Lemma dotv_residual_const e : (forall c, C c -> dotv e c = 0) ->
  forall k, dotv e (r k) = dotv e (r 0).
Proof.
move=> eC; elim=> // k <-.
by rewrite residualS dotvBr !dotvZr (eC _ (AW_in_C tau_finite k)) !mulr0 subr0.
Qed.

Lemma residual_cvg0_orth e : (forall c, C c -> dotv e c = 0) ->
  r @ \oo --> (0 : 'cV[R]_n) -> dotv e (r 0) = 0.
Proof.
move=> eC /(dotv_cvg0 e); under eq_fun do rewrite dotv_residual_const //.
by move=> /(cvg_lim (@Rhausdorff _)); rewrite lim_cst.
Qed.

Hypothesis C_subspace : is_subspace C.

Lemma residual_cvg0 : C (r 0) ->
  (fun l => \prod_(1 <= j < l.+1) gamma A W C j) @ \oo --> (0 : R) ->
  r @ \oo --> (0 : 'cV[R]_n).
Proof.
move=> C_r0 /cvg_norm; rewrite normr0 => prod_cvg0.
have C_r k : C (r k).
  elim: k => // k IH; rewrite residualS; apply: is_subspace_perp_proj => //.
  by case: C_subspace => _ [_ CZ]; apply/CZ/(AW_in_C tau_finite).
have r_block L : dotv (r (block_first A W C L)) (r (block_first A W C L)) <=
    `|\prod_(1 <= j < L.+1) gamma A W C j| * dotv (r 0) (r 0).
  elim: L => [|L IH]; first by rewrite big_geq // normr1 mul1r.
  apply: le_trans (block_contract (C_r _)) _.
  by rewrite big_nat_recr //= normrM [_ * `|gamma _ _ _ _|]mulrC -mulrA ler_wpM2l.
have bound_cvg0 : (fun L => `|\prod_(1 <= j < L.+1) gamma A W C j| * dotv (r 0) (r 0))
    @ \oo --> (0 : R).
  by rewrite -(mul0r (dotv (r 0) (r 0))); apply: cvgM => //; exact: cvg_cst.
apply/cvg0_dotv/(nonincreasing_subseq_cvg0 (s := block_first A W C)).
- exact: residual_nonincreasing.
- by move=> k; exact: dotv_ge0.
apply: (squeeze_cvgr _ (cvg_cst 0) bound_cvg0).
by near=> L; rewrite dotv_ge0 r_block.
Unshelve. all: end_near.
Qed.

End Convergence.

PROBLEM: Retype exactly the lines above, from the one with "elim: k => //" through the one with "dotv (r 0) (r 0).", inclusive.

SOLUTION FOR THIS TASK:
  elim: k => // k IH; rewrite residualS; apply: is_subspace_perp_proj => //.
  by case: C_subspace => _ [_ CZ]; apply/CZ/(AW_in_C tau_finite).
have r_block L : dotv (r (block_first A W C L)) (r (block_first A W C L)) <=
    `|\prod_(1 <= j < L.+1) gamma A W C j| * dotv (r 0) (r 0).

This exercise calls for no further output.